Ao destacar figuras intelectualmente toscas defendendo irresponsavelmente o uso da hidroxicloroquina, a imprensa tem se aproximado das redes sociais, nas quais declarações polêmicas e sem fundamento geram muito mais repercussão do que comentários técnicos e ponderados.
Isso gera a impressão de que apenas pessoas do nível de Bolsonaro, Donald Trump, Osmar Terra, Marco Feliciano e Carla Zambelli veem alguma chance na droga.

Vozes importantes e equilibradas, como a do epidemiologista britânico Nicholas White, que conduz um grande estudo com cloroquina e hidroxicloroquina, são ignoradas. Ele é contra o uso dessas drogas fora de ensaios clínicos, mas ressalta que são seguras quando corretamente administradas e talvez possam ajudar na prevenção ou no tratamento precoce —fases da Covid-19 em que persistem as maiores dúvidas sobre um possível benefício delas.

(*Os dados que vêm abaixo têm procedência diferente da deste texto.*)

Definition Rltb (a c : R) : bool := if Rlt_dec a c then true else false.

Definition Iup (theta : nat -> R) (o : nat) : list nat :=
  filter (fun i => Rltb (theta (o + i)%nat) (C / INR n)) (seq 0 n).
Definition Ilow (theta : nat -> R) (o : nat) : list nat :=
  filter (fun i => Rltb 0 (theta (o + i)%nat)) (seq 0 n).

Definition DeltaPair (theta : nat -> R) (o : nat) : R :=
  match lmin (map (fun i => grad theta (o + i)%nat) (Iup theta o)),
        lmax (map (fun j => grad theta (o + j)%nat) (Ilow theta o)) with
  | Some gi, Some gj => Rmax (gj - gi) 0
  | _, _ => 0
  end.

Definition Delta1 (theta : nat -> R) : R := DeltaPair theta oA.
Definition Delta2 (theta : nat -> R) : R := DeltaPair theta oAs.
Definition Delta3 (theta : nat -> R) : R :=
  match lmin (map (fun s => grad theta (oG + s)%nat) (seq 0 k1)) with
  | Some m => Rmax (- m) 0 | None => 0 end.
Definition Delta4 (theta : nat -> R) : R :=
  match lmax (map (fun s => Rabs (grad theta (oM + s)%nat)) (seq 0 k2)) with
  | Some m => m | None => 0 end.
Definition smoDelta (theta : nat -> R) : R :=
  Rmax (Rmax (Delta1 theta) (Delta2 theta)) (Rmax (Delta3 theta) (Delta4 theta)).

(* SMO update of a pair block (alpha if o = oA, alpha* if o = oAs);
   cl records whether the update is clipped (t* <> t_q). *)
Definition pair_step (o : nat) (theta theta' : nat -> R) (cl : bool) : Prop :=
  exists i j : nat,
    In i (Iup theta o) /\
    (forall i', In i' (Iup theta o) -> grad theta (o + i)%nat <= grad theta (o + i')%nat) /\
    In j (Ilow theta o) /\
    (forall j', In j' (Ilow theta o) -> grad theta (o + j')%nat <= grad theta (o + j)%nat) /\
    let tq := - (grad theta (o + i)%nat - grad theta (o + j)%nat)
                / (Qm i i + Qm j j - 2 * Qm i j) in
    let I1 := Rmax (- theta (o + i)%nat) (theta (o + j)%nat - C / INR n) in
    let I2 := Rmin (theta (o + j)%nat) (C / INR n - theta (o + i)%nat) in
    let ts := Rmin (Rmax I1 tq) I2 in
    theta' (o + i)%nat = theta (o + i)%nat + ts /\
    theta' (o + j)%nat = theta (o + j)%nat - ts /\
    (forall r, r <> (o + i)%nat -> r <> (o + j)%nat -> theta' r = theta r) /\
    (cl = true <-> ts <> tq).

Definition gamma_step (theta theta' : nat -> R) (cl : bool) : Prop :=
  exists u : nat,
    (u < k1)%nat /\
    (forall s, (s < k1)%nat -> grad theta (oG + u)%nat <= grad theta (oG + s)%nat) /\
    let v := theta (oG + u)%nat - grad theta (oG + u)%nat / AAt u u in
    theta' (oG + u)%nat = Rmax v 0 /\
    (forall r, r <> (oG + u)%nat -> theta' r = theta r) /\
    (cl = true <-> v < 0).

Definition mu_step (theta theta' : nat -> R) (cl : bool) : Prop :=
  exists u : nat,
    (u < k2)%nat /\
    (forall s, (s < k2)%nat -> Rabs (grad theta (oM + s)%nat) <= Rabs (grad theta (oM + u)%nat)) /\
    theta' (oM + u)%nat = theta (oM + u)%nat - grad theta (oM + u)%nat / GGt u u /\
    (forall r, r <> (oM + u)%nat -> theta' r = theta r) /\
    cl = false.

(* Ties in the argmin/argmax are resolved arbitrarily. *)
Definition smo_step (theta theta' : nat -> R) (cl : bool) : Prop :=
  let De := smoDelta theta in
  (Delta1 theta = De /\ pair_step oA theta theta' cl) \/
  (Delta1 theta <> De /\ Delta2 theta = De /\ pair_step oAs theta theta' cl) \/
  (Delta1 theta <> De /\ Delta2 theta <> De /\ Delta3 theta = De /\
     gamma_step theta theta' cl) \/
  (Delta1 theta <> De /\ Delta2 theta <> De /\ Delta3 theta <> De /\
     mu_step theta theta' cl).

Definition data_ok : Prop :=
  (1 <= n)%nat /\ (1 <= p)%nat /\ (1 <= k1)%nat /\ (1 <= k2)%nat /\
  0 < C /\ 0 < nu <= 1 /\
  (forall i j, (i < n)%nat -> (j < n)%nat -> i <> j ->
     exists c, (c < p)%nat /\ X i c <> X j c) /\
  (forall s, (s < k1)%nat -> exists c, (c < p)%nat /\ A s c <> 0) /\
  (forall s, (s < k2)%nat -> exists c, (c < p)%nat /\ G s c <> 0).

End Algo.

(* Along the run the iterates stay in the box 0 <= alpha, alpha* <= C/n,
   gamma >= 0.  There a clipped gamma update is impossible and mu updates are
   never clipped, so a clipped update is a pair update whose step
   t* = min(alpha_j, C/n - alpha_i) stops short of t_q > 0.  Such a step either
   puts one more coordinate of (alpha, alpha* ) on the boundary of the box, or it
   exchanges the values of alpha_i and alpha_j while strictly decreasing f.
   The number of boundary coordinates is at most 2n, so if every update from some
   point on were clipped, eventually every step would be an exchange; the
   iterates would then range over the finitely many rearrangements of a single
   vector while f strictly decreases, which is impossible. *)

From Stdlib Require Import Reals List Arith Lia Lra FinFun Classical FunctionalExtensionality.
Open Scope R_scope.

Lemma fsum_ext m f g : (forall i, (i < m)%nat -> f i = g i) -> fsum m f = fsum m g.
Proof.
  induction m as [|m IH]; intros H; simpl; [reflexivity|].
  rewrite IH, H; auto; intros; apply H; lia.
Qed.

Lemma fsum_add m f g : fsum m (fun i => f i + g i) = fsum m f + fsum m g.
Proof. induction m as [|m IH]; simpl; [lra|]. rewrite IH; ring. Qed.

Lemma fsum_sub m f g : fsum m (fun i => f i - g i) = fsum m f - fsum m g.
Proof. induction m as [|m IH]; simpl; [lra|]. rewrite IH; ring. Qed.

Lemma fsum_scal_l m k f : fsum m (fun i => k * f i) = k * fsum m f.
Proof. induction m as [|m IH]; simpl; [ring|]. rewrite IH; ring. Qed.

Lemma fsum_eq0 m f : (forall i, (i < m)%nat -> f i = 0) -> fsum m f = 0.
Proof.
  induction m as [|m IH]; intros H; simpl; [reflexivity|].
  rewrite IH, H; [ring | lia | intros; apply H; lia].
Qed.

Lemma fsum_comm m q (F : nat -> nat -> R) :
  fsum m (fun i => fsum q (fun j => F i j)) = fsum q (fun j => fsum m (fun i => F i j)).
Proof.
  induction m as [|m IH]; simpl.
  - symmetry; apply fsum_eq0; reflexivity.
  - rewrite IH, <- fsum_add; reflexivity.
Qed.

Lemma fsum_single m a f :
  (a < m)%nat -> (forall r, r <> a -> f r = 0) -> fsum m f = f a.
Proof.
  induction m as [|m IH]; intros Ha H; [lia|]. simpl.
  destruct (Nat.eq_dec m a) as [->|Hne].
  - rewrite fsum_eq0; [ring|]. intros; apply H; lia.
  - rewrite IH, (H m); [ring | auto | lia | auto].
Qed.

Lemma fsum_update2 m a b f g :
  (a < m)%nat -> (b < m)%nat -> a <> b ->
  (forall r, r <> a -> r <> b -> g r = f r) ->
  fsum m g = fsum m f + (g a - f a) + (g b - f b).
Proof.
  intros Ha Hb Hab H.
  set (da := fun r => if Nat.eq_dec r a then g r - f r else 0).
  set (db := fun r => if Nat.eq_dec r b then g r - f r else 0).
  assert (Hsplit : fsum m g = fsum m f + fsum m da + fsum m db).
  { rewrite <- !fsum_add. apply fsum_ext; intros r _. unfold da, db.
    destruct (Nat.eq_dec r a), (Nat.eq_dec r b); subst; try lia; try ring.
    rewrite H by auto; ring. }
  rewrite Hsplit, (fsum_single m a da), (fsum_single m b db); auto.
  - unfold da, db. destruct (Nat.eq_dec a a), (Nat.eq_dec b b); try congruence; ring.
  - intros r Hr; unfold db; destruct (Nat.eq_dec r b); congruence.
  - intros r Hr; unfold da; destruct (Nat.eq_dec r a); congruence.
Qed.

Lemma fsum_ge0 m f : (forall i, (i < m)%nat -> 0 <= f i) -> 0 <= fsum m f.
Proof.
  induction m as [|m IH]; intros H; simpl; [lra|].
  assert (0 <= f m) by (apply H; lia).
  assert (0 <= fsum m f) by (apply IH; intros; apply H; lia). lra.
Qed.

São situações bem diferentes das de pacientes hospitalizados, em estágios mais avançados da doença —para os quais há, de fato, resultados mais conclusivos contra o uso da hidroxicloroquina. A imprensa frequentemente não faz a devida distinção dos casos, confundindo o debate.

Ao propagar um discurso sem nuance e polarizado, a mídia colaborou para chegarmos a um estado em que poucos têm dúvidas e muitos têm certezas. Mas, como lembra um artigo publicado no The BMJ (periódico da British Medical Association), “a certeza é o reverso do conhecimento”. Seus autores sugerem ouvir “aqueles que respeitam a incerteza” e que reconhecem evidências contrárias mesmo às suas convicções mais fortes.

A cobertura sem ceticismo favorecendo um discurso único, a caracterização estereotipada de quem ousa questionar esse discurso, a atenção exagerada aos extremos do debate e a falta de nuance ao tratar o assunto evidenciam a baixa qualidade do trabalho da imprensa —justamente em um momento em que ela é tão necessária.